Ivanka holds up her hand. “Wait, wait.” She quickly looks towards the front door as though she’s expecting the club manager any minute now. The heavyset bouncer pretends he doesn’t see us. Ivanka gave him R100 before she came to talk to us.

She turns to Ruby. “Ranna said he was going to check the facts before he writes the story, remember?”

Ruby lifts her chin in challenge. “I know Martina wasn’t a junkie, because I look after the dancers.” She motions towards the stage. “That one? Llello … coke. She thinks no one knows, but Colin’s already moved her to afternoons.”

She taps her chest with a long red fingernail. “I know everything that goes on here, and I can promise you that girl didn’t want to go home. There was nothing there for her. Neither money nor food. She was desperate when she got here. I gave her a sandwich before the interview and she ate as if she hadn’t seen food for days.”

I look at the photo on the table again. Martina. Tina. Sixteen is very young to be dancing in a Joburg strip club.

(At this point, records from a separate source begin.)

Lemma repr_coef_inj X Y : (forall y N, repr_coef X y N = repr_coef Y y N) -> X = Y.
Proof.
move=> eqXY; apply: series_ext => p q.
suff eq_diag N j : (j <= N)%N -> X j (N - j)%N = Y j (N - j)%N.
  by have := eq_diag (p + q)%N p (leq_addr q p); rewrite addKn.
(* at y = j + 1 - N the weight of X i (N - i) is pochhammer (j + 1 - i) i, which
   vanishes for i > j and is nonzero for i = j *)
elim/ltn_ind: j => j IH lejN.
move/eqP: (eqXY ((j.+1)%:R - N%:R) N); rewrite -subr_eq0 /repr_coef -sumrB.
rewrite (bigD1 (Ordinal (lejN : (j < N.+1)%N))) //= big1 ?addr0.
  rewrite -mulrBr (_ : (j.+1)%:R - N%:R + (N - j)%:R = 1 :> CC).
    by rewrite mulf_eq0 (negbTE (pochhammer1_neq0 _ _)) subr_eq0 => /eqP.
  by rewrite natrB //; ring.
move=> i /eqP neij; have leiN : (i <= N)%N by rewrite -ltnS.
case: (ltngtP i j) => [ltij | ltji | eqij].
- by rewrite (IH i ltij (leq_trans (ltnW ltij) lejN)) subrr.
- rewrite -mulrBr (_ : (j.+1)%:R - N%:R + (N - i)%:R = - (i - j.+1)%:R :> CC).
    by rewrite pochhammer_oppn_eq0 ?mul0r //; lia.
  by rewrite !natrB //; ring.
- by exfalso; apply: neij; apply: val_inj.
Qed.

Lemma tau_smul x X Y : tau x (smul X Y) = smul (tau x X) (tau x Y).
Proof.
apply: repr_coef_inj => y L.
rewrite repr_coef_tau !repr_coef_smul; apply: eq_bigr => N _.
by rewrite !repr_coef_tau addrAC.
Qed.

Lemma tau_comp x z X : tau z (tau x X) = tau (x + z) X.
Proof. by apply: repr_coef_inj => y L; rewrite !repr_coef_tau addrA addrAC. Qed.

Lemma tau0 X : tau 0 X = X.
Proof. by apply: repr_coef_inj => y L; rewrite repr_coef_tau addr0. Qed.

Lemma tauK x : cancel (tau x) (tau (- x)).
Proof. by move=> X; rewrite tau_comp subrr tau0. Qed.

Lemma tauNK x : cancel (tau (- x)) (tau x).
Proof. by move=> X; rewrite tau_comp addNr tau0. Qed.

Lemma tau_sadd x X Y : tau x (sadd X Y) = sadd (tau x X) (tau x Y).
Proof.
apply: series_ext => m n.
by rewrite /tau /sadd -big_split; apply: eq_bigr => k _ /=; rewrite mulrDr.
Qed.

Lemma tau_sscale x c X : tau x (sscale c X) = sscale c (tau x X).
Proof.
apply: series_ext => m n.
by rewrite /tau /sscale mulr_sumr; apply: eq_bigr => k _; rewrite mulrCA.
Qed.

Lemma tau_id_bseries x S : (forall p q, (0 < p)%N -> S p q = 0) -> tau x S = S.
Proof.
move=> S_b; apply: series_ext => m n.
rewrite /tau big_ord_recl addn0 bin0 falling0 subn0 mul1r mul1r big1 ?addr0 //.
by move=> i _; rewrite S_b ?mulr0 // addn_gt0 lift0 orbT.
Qed.

Lemma tau_sa x : tau x sa = sadd sa (sscale x sb).
Proof.
apply: series_ext => m [|[|n]]; rewrite /tau /sadd /sscale.
- by rewrite big_ord1 addn0 bin0 falling0 /sb andbF mulr0 addr0 !mul1r.
- rewrite big_ord_recl big_ord1 /= addn0 addn1 subn0 bin0 bin1 fallingSr falling0.
  by case: m => [|m]; rewrite /sa /sb /= ?andbF; ring.
- rewrite big1 => [|k _]; first by rewrite /sa /sb !andbF mulr0 addr0.
  rewrite /sa; case: ifP => [/andP[/eqP m_k /eqP n_k] | _]; last by rewrite mulr0.
  by have := ltn_ord k; lia.
Qed.

Lemma norm_falling_le (R : numDomainType) (x : R) k :
  `|falling x k| <= (1 + `|x|) ^+ k * k`!%:R.
Proof.
have -> : (1 + `|x|) ^+ k * k`!%:R = \prod_(i < k) ((1 + `|x|) * i.+1%:R).
  by rewrite big_split /= prodr_const card_ord fact_prod natr_prod big_add1 big_mkord.
rewrite /falling normr_prod; apply: ler_prod => i _; rewrite normr_ge0 /=.
apply: le_trans (ler_normB _ _) _; rewrite normr_nat.
rewrite (_ : _ * _ = `|x| + i%:R + (`|x| * i%:R + 1)); last by rewrite mulrSr; ring.
by rewrite lerDl addr_ge0 ?mulr_ge0 ?ler0n.
Qed.

Lemma leq_bin_exp2 n k : ('C(n, k) <= 2 ^ n)%N.
Proof.
elim: n k => [|n IH] [|k] //; first by rewrite bin0 expn_gt0.
by rewrite binS expnS mul2n -addnn leq_add.
Qed.

Lemma bin_fact_le m n k :
  (k <= n)%N -> ('C(m + k, k) * (k`! * (n - k)`!) <= 2 ^ (m + n) * n`!)%N.
Proof.
move=> lekn; apply: leq_mul.
  by rewrite (leq_trans (leq_bin_exp2 _ _)) // leq_exp2l // leq_add2l.
by rewrite -(bin_fact lekn) leq_pmull // bin_gt0.
Qed.

Lemma succn_exp2_le n m : (n.+1 * 2 ^ (m + n) <= 4 ^ (m + n))%N.
Proof.
rewrite (_ : 4 = 2 * 2)%N // expnMn leq_mul2r; apply/orP; right.
by apply: leq_trans (ltn_expl n (ltnSn 1)) _; rewrite leq_exp2l // leq_addl.
Qed.

Section TauBound.
Variables (x : CC) (X : series) (K rho : CC).
Hypotheses (K_ge0 : 0 <= K) (rho_ge0 : 0 <= rho).
Hypothesis X_le : forall p q, `|X p q| <= K * rho ^+ (p + q) * q`!%:R.

Let M := 1 + `|x|.
Let M_ge1 : 1 <= M. Proof. by rewrite lerDl. Qed.
Let M_ge0 : 0 <= M. Proof. exact: le_trans ler01 M_ge1. Qed.

Lemma norm_tau_term_le m n (k : 'I_n.+1) :
  `|'C(m + k, k)%:R * falling x k * X (m + k)%N (n - k)%N|
  <= (2 ^ (m + n) * n`!)%:R * M ^+ n * (K * rho ^+ (m + n)).
Proof.
have lekn : (k <= n)%N by rewrite -ltnS.
have c_ge0 : 0 <= K * rho ^+ (m + n) by rewrite mulr_ge0 ?exprn_ge0.
rewrite !normrM normr_nat.
apply: le_trans (_ : _ <= 'C(m + k, k)%:R * (M ^+ k * k`!%:R)
                         * (K * rho ^+ (m + n) * (n - k)`!%:R)) _.
  apply: ler_pM; rewrite ?mulr_ge0 ?ler0n ?normr_ge0 //.
    by rewrite ler_wpM2l ?ler0n ?norm_falling_le.
  by have := X_le (m + k) (n - k); rewrite -addnA subnKC.
rewrite (_ : _ * _ = ('C(m + k, k) * (k`! * (n - k)`!))%:R * M ^+ k
                     * (K * rho ^+ (m + n))); last by rewrite !natrM; ring.
rewrite ler_wpM2r // ler_pM ?ler0n ?exprn_ge0 ?ler_nat ?bin_fact_le //.
exact: ler_weXn2l.
Qed.

Lemma norm_tau_le m n :
  `|tau x X m n| <= K * (4 * (1 + `|x|) * rho) ^+ (m + n) * n`!%:R.
Proof.
rewrite /tau; apply: le_trans (ler_norm_sum _ _ _) _.
apply: le_trans (ler_sum _ (fun k _ => norm_tau_term_le m k)) _.
rewrite sumr_const card_ord -[_ *+ n.+1]mulr_natl -/M.
rewrite [X in X <= _](_ : _ = (n.+1 * 2 ^ (m + n))%:R * M ^+ n
                     * (K * rho ^+ (m + n) * n`!%:R)); last by rewrite !natrM; ring.
rewrite [X in _ <= X](_ : _ = (4 ^ (m + n))%:R * M ^+ (m + n)
                     * (K * rho ^+ (m + n) * n`!%:R)); last first.
  by rewrite !exprMn natrX; ring.
rewrite ler_wpM2r ?mulr_ge0 ?ler0n ?exprn_ge0 //.
by rewrite ler_pM ?ler0n ?exprn_ge0 ?ler_nat ?succn_exp2_le ?ler_weXn2l ?leq_addl.
Qed.

End TauBound.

“It’s almost two months now. Has no one heard anything from her?”

Ivanka shakes her head.

“Did she ever talk about where she came from? About a mother or father?”

“No.” Ruby waves towards a door at the back of the stage. “I’ll show you everything she left here. Maybe that’ll help.”

“Everything?”

“Her suitcase, clothes, make-up. Just her handbag is gone. When she didn’t return, I packed the rest of her things in a suitcase and took it home. Things have a habit of disappearing here.” She points her thumb over her shoulder towards the back of the building. “There are single rooms at the back of the club that the girls can rent if they want to.”

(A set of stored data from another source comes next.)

(* Let $s\in\mathbb N$, $\mathbf n<2^{2m_s+1}\mathbf 1$, and let $\Delta^{(m_s)}$ be a dyadic cube of rank $m_s$ with $\Delta^{(m_s)}\subset\widetilde F_{s-1}$. Then, for $\tau=\tau_F$, $$\int_{F_s\cap\Delta^{(m_s)}}W_{\mathbf n}\,d\mu=2^{-s}\int_{\Delta^{(m_s)}}W_{\mathbf n}\,d\tau=2^{-s}\widehat\tau_{\mathbf n}(\Delta^{(m_s)}).$$ The same holds when $F_s$, $\widetilde F_{s-1}$ and $\tau$ are replaced by $F^{\boldsymbol\pi}_s$, $\widetilde F^{\boldsymbol\pi}_{s-1}$ and $\tau^{\boldsymbol\pi}=\tau_{F^{\boldsymbol\pi}}$, for any sequence $\boldsymbol\pi=(\boldsymbol\pi_s)$ of permutations $\boldsymbol\pi_s$ of $\{0,\dots,2^{m_s}-1\}^d$.
   Context: Fix $d\ge2$. $\mathbb G$ is the dyadic group: sequences $g=(g_k)_{k\ge0}$, $g_k\in\{0,1\}$, coordinatewise addition mod 2, product topology; $\mathbb G^d$ its $d$-th power, $\mu$ its normalized Haar measure. For $n\in\mathbb N_0$, $n=\sum_kn_k2^k$, $n_k\in\{0,1\}$. Dyadic interval of rank $k$: $\Delta^{(k)}_m=\{g: g_t=m_{k-1-t},\ 0\le t<k\}$; dyadic cube $\Delta^{(k)}_{\mathbf m}=\prod_l\Delta^{(k)}_{m^l}$. Vector order coordinatewise, $\mathbf 1=(1,\dots,1)$. Walsh functions $W_n(g)=\prod_k(-1)^{g_kn_k}$, $W_{\mathbf n}(\mathbf g)=\prod_lW_{n^l}(g^l)$; $W^{(k)}_{\mathbf n\mathbf m}$ is the constant value of $W_{\mathbf n}$ on $\Delta^{(k)}_{\mathbf m}$ ($\mathbf n,\mathbf m<2^k\mathbf 1$); $R_{k\mathbf 1}:=W_{2^k\mathbf 1}$. Quasimeasure: $\tau$ on dyadic cubes with $\tau(\Delta^{(k)}_{\mathbf m})=\sum_{\boldsymbol\sigma\in\{0,1\}^d}\tau(\Delta^{(k+1)}_{2\mathbf m+\boldsymbol\sigma})$; for a dyadic cube $\Delta$ of rank $r$, $\widehat\tau_{\mathbf n}(\Delta)=\int_\Delta W_{\mathbf n}d\tau:=\sum_{\Delta^{(k)}_{\mathbf m}\subset\Delta}W^{(k)}_{\mathbf n\mathbf m}\tau(\Delta^{(k)}_{\mathbf m})$ for any $k\ge r$ with $\mathbf n<2^k\mathbf 1$. For nonempty closed $E$, $\tau_E$ is the unique nonnegative quasimeasure with $\tau_E(\mathbb G^d)=1$, $\tau_E(\Delta)=0$ iff $\Delta\cap E=\emptyset$, splitting the value of a cube meeting $E$ equally among its $2^d$ children that meet $E$. Let $m_1=0$, $m_{s+1}=2(2m_s+1)$. $F_s=\bigcup_{\mathbf m,\mathbf m'<2^{m_s}\mathbf 1}\{\mathbf g\in\Delta^{(2m_s)}_{2^{m_s}\mathbf m+\mathbf m'}: R_{2m_s\mathbf 1}(\mathbf g)=W^{(m_s)}_{\mathbf m\mathbf m'}\}$, $\widetilde F_s=\bigcap_{k=1}^sF_k$, $\widetilde F_0=\mathbb G^d$, $F=\bigcap_sF_s$. $F^{\boldsymbol\pi}_s$ is defined likewise with $W^{(m_s)}_{\boldsymbol\pi_s(\mathbf m)\,\mathbf m'}$ in place of $W^{(m_s)}_{\mathbf m\mathbf m'}$; $\widetilde F^{\boldsymbol\pi}_s=\bigcap_{k=1}^sF^{\boldsymbol\pi}_k$, $\widetilde F^{\boldsymbol\pi}_0=\mathbb G^d$, $F^{\boldsymbol\pi}=\bigcap_sF^{\boldsymbol\pi}_s$. *)

From HB Require Import structures.
From mathcomp Require Import all_boot all_order all_algebra.
From mathcomp Require Import all_classical all_reals all_analysis.
Set Implicit Arguments. Unset Strict Implicit. Unset Printing Implicit Defensive.
Import Order.TTheory GRing.Theory Num.Theory.
Local Open Scope classical_set_scope.
Local Open Scope ring_scope.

I look at Ranna. What woman, no matter her age, leaves her clothes and make-up behind when she runs away?

Ruby laughs sardonically when she sees my expression. “I’m telling you: she didn’t run away. She was taken.”

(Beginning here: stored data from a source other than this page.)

(* (V - lyapunov)' <= L0 - V, and the Lyapunov function eventually gains
   little, so V is eventually at most about L0 *)
Lemma volume_upper eps : 0 < eps -> eventually (fun t => volume (D t) < L0 + eps).
Proof.
  intros Heps. destruct (lyapunov_settles (eps / 2) ltac:(lra)) as (T & HT1 & Hsettle).
  apply (eventually_mono (fun t => T <= t /\ (volume (D T) - L0) * exp (T - t) < eps / 2)).
  - intros t [Ht Hsmall].
    assert (Hgrow : (lyapunov T - lyapunov T + L0 - volume (D T)) * exp (T - t)
                    <= lyapunov t - lyapunov T + L0 - volume (D t)).
    { apply (exp_weighted_growth (fun s => lyapunov s - lyapunov T + L0 - volume (D s))
               (fun s => lyapunov_rate s - 0 + 0 - (cost (Q s) - volume (D s)))); auto.
      - intros c Hc. apply derivable_pt_lim_minus; [|apply volume_deriv; lra].
        apply derivable_pt_lim_plus; [|apply derivable_pt_lim_const].
        apply derivable_pt_lim_minus; [apply lyapunov_deriv; lra | apply derivable_pt_lim_const].
      - intros c Hc. destruct (lyapunov_rate_ge c ltac:(lra)) as [Hr _].
        pose proof (lyapunov_nondecreasing T c ltac:(lra)). lra. }
    specialize (Hsettle T t ltac:(lra) Ht). lra.
  - apply eventually_and; [apply eventually_ge | apply exp_tail_small; lra].
Qed.

(* energy >= 2 cost - volume >= 2 L0 - volume *)
Lemma energy_lower eps : 0 < eps -> eventually (fun t => L0 - eps < p t s0).
Proof.
  intros Heps. apply (eventually_mono (fun t => 0 <= t /\ volume (D t) < L0 + eps)).
  - intros t [Ht HV]. pose proof (cost_ge_L0 t Ht).
    pose proof (cost_le_mean _ _ (kirchhoff_at t Ht)). lra.
  - apply eventually_and; [apply eventually_ge | now apply volume_upper].
Qed.

(* diameters decay at most exponentially, hence by Rayleigh monotonicity the
   energy grows at most exponentially *)
Lemma energy_growth s t : 0 < s <= t -> p t s0 <= p s s0 * exp (t - s).
Proof.
  intros Hst.
  replace (p s s0 * exp (t - s)) with (p s s0 / exp (s - t))
    by (replace (t - s) with (- (s - t)) by ring; rewrite exp_Ropp; reflexivity).
  apply (energy_monotone (D s) (p s) (D t) (p t) (exp (s - t)));
    [apply kirchhoff_at; lra | apply kirchhoff_at; lra | apply exp_pos |].
  intros e He. rewrite Rmult_comm. now apply diameter_decay.
Qed.

(* If the energy were at least L0 + eps at a late time t, then by energy_growth
   it would stay above L0 + eps/2 on a window [t - delta, t] of fixed length,
   where the Lyapunov function would then gain at least delta * eps / 8. *)
Lemma energy_upper eps : 0 < eps -> eventually (fun t => p t s0 < L0 + eps).
Proof.
  intros Heps. pose proof L0_nonneg.
  set (rho := (L0 + eps) / (L0 + eps / 2)).
  assert (Hrho_eq : (L0 + eps / 2) * rho = L0 + eps) by (unfold rho; field; lra).
  assert (Hrho : 1 < rho) by nra.
  set (delta := ln rho).
  assert (Hdelta : 0 < delta) by (unfold delta; rewrite <- ln_1; apply ln_increasing; lra).
  assert (Hexp_delta : exp delta = rho) by (apply exp_ln; lra).
  destruct (lyapunov_settles (delta * eps / 8) ltac:(nra)) as (T & HT1 & Hsettle).
  assert (Hev : eventually (fun s => T <= s /\ L0 - eps / 4 < volume (D s)))
    by (apply eventually_and; [apply eventually_ge | apply volume_lower; lra]).
  apply (eventually_window _ delta) in Hev. revert Hev. apply eventually_mono.
  intros t Hwin. apply Rnot_le_lt. intros Hbig.
  assert (HtT : T <= t - delta) by (apply (Hwin (t - delta)); lra).
  assert (Hhigh : forall s, t - delta <= s <= t -> L0 + eps / 2 <= p s s0).
  { intros s Hs. pose proof (energy_growth s t ltac:(lra)) as Hg.
    assert (exp (t - s) <= rho) by (rewrite <- Hexp_delta; apply exp_le_exp; lra).
    pose proof (source_potential_nonneg _ _ (kirchhoff_at s ltac:(lra))). nra. }
  assert (Hrise : lyapunov (t - delta) - eps / 8 * (t - delta) <= lyapunov t - eps / 8 * t).
  { apply (nondecreasing_of_deriv (fun s => lyapunov s - eps / 8 * s)
             (fun s => lyapunov_rate s - eps / 8 * 1)); [lra| |].
    - intros c Hc. apply derivable_pt_lim_minus; [apply lyapunov_deriv; lra|].
      apply derivable_pt_lim_scal, derivable_pt_lim_id.
    - intros c Hc. destruct (lyapunov_rate_ge c ltac:(lra)) as [_ Hr].
      pose proof (Hhigh c Hc). destruct (Hwin c ltac:(lra)) as [_ HV]. lra. }
  specialize (Hsettle (t - delta) t HtT ltac:(lra)). nra.
Qed.

Lemma slack_vanishes eps : 0 < eps ->
  eventually (fun t => p t s0 - 2 * cost (Q t) + volume (D t) < eps).
Proof.
  intros Heps.
  apply (eventually_mono (fun t => (0 <= t /\ p t s0 < L0 + eps / 2) /\
                                   volume (D t) < L0 + eps / 2)).
  - intros t [[Ht HE] HV]. pose proof (cost_ge_L0 t Ht). lra.
  - apply eventually_and; [apply eventually_and; [apply eventually_ge|] |];
      [apply energy_upper | apply volume_upper]; lra.
Qed.

(* On an edge of P0 the diameter stays bounded below, so the vanishing slack
   forces |Q e| / D e -> 1, i.e. the potential drop tends to at most L e. *)
Lemma path_edge_drop e eta : In e P0 -> 0 < eta ->
  eventually (fun t => Rabs (p t (eu e) - p t (ev e)) <= L e + eta).
Proof.
  intros He Heta. pose proof (P0_edges e He) as Hem. pose proof (HL e Hem) as HLe.
  destruct (path_diameter_lower e He) as (c & Hc & HcD).
  set (r := eta / L e). assert (Hr : 0 < r) by (unfold r; apply Rdiv_lt_0_compat; lra).
  apply (eventually_mono (fun t => 1 <= t /\
           p t s0 - 2 * cost (Q t) + volume (D t) < L e * c * r ^ 2)).
  - intros t [Ht Hslack]. pose proof (diameter_pos e t Hem ltac:(lra)) as HDe.
    pose proof (HcD t Ht) as HcDt.
    pose proof (slack_term_le _ _ e (kirchhoff_at t ltac:(lra)) Hem) as Hterm.
    rewrite (flow_abs_drop _ _ e Hem HDe).
    set (q := Rabs (Q t e) / D t e) in *.
    assert (Hsq : L e * c * (q - 1) ^ 2 < L e * c * r ^ 2).
    { pose proof (pow2_ge_0 (q - 1)).
      assert (L e * c * (q - 1) ^ 2 <= L e * D t e * (q - 1) ^ 2) by
        (apply Rmult_le_compat_r; [auto | apply Rmult_le_compat_l; lra]).
      lra. }
    assert (Hq : q <= 1 + r).
    { apply Rmult_lt_reg_l in Hsq; [|nra]. nra. }
    replace (L e * Rabs (Q t e) / D t e) with (L e * q) by (unfold q, Rdiv; ring).
    replace (L e + eta) with (L e * (1 + r)) by (unfold r; field; lra).
    apply Rmult_le_compat_l; lra.
  - apply eventually_and; [apply eventually_ge | apply slack_vanishes].
    pose proof (pow_lt r 2 Hr). apply Rmult_lt_0_compat; [nra | auto].
Qed.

The sun breaks through the clouds as we leave the Midnight Club. Ranna puts on her sunglasses and takes my hand.

A bright-blue BMW with shiny mags turns into the gate and parks in one of the two carports on the grounds. The engine gives a throaty, impatient roar, dies. A youngish man with black hair gets out – bulky and broad-shouldered, his slim-fit black suit and white shirt more sedate than the car.

He laughs. “Frankie?” He walks towards us, his shiny black shoes crunching over the gravel. “What a surprise.”

Ranna squeezes my arm, warning me, and steps forward. The man kisses her on the cheek and extends his hand towards me.

“Colin Farrell. And no, I had the name first, not that actor.” He smiles.

I shake his hand. “Pleased to meet you.”

The absence of lines around his eyes tell me he’s lying. He is considerably younger than the film star. And I can see why Ranna warned me. His eyes stray to her breasts, stay there.

Ranna worked hard to convince the manager of the Midnight Club to include Ruby and Ivanka in her photo essay about the women of Johannesburg. Not that I know why she even had to ask him. In the end, she wasn’t allowed to photograph them at the club.

From up close, it’s clear that his suit costs more than Ranna’s camera.

Colin swings the car keys in his left hand. “You’ve come to get more photos?” Suspicion glints through the feigned friendliness.

“No.” Ranna smiles – briefly, almost intimately, touching his arm – and shakes her head. “Alex was curious. And a little jealous.”

“Makes sense.” Colin plays along. “I would be.” He laughs, but it’s forced. “Don’t you want to stay for coffee? Something stronger? The Boeing’s gone over. I hide the good whisky in my office.”

“No, thanks,” says Ranna. “Next time. Promise.”

“Call me.” He hesitates. “Next time. Call me before you come.”

“I will,” says Ranna solemnly. “Promise.”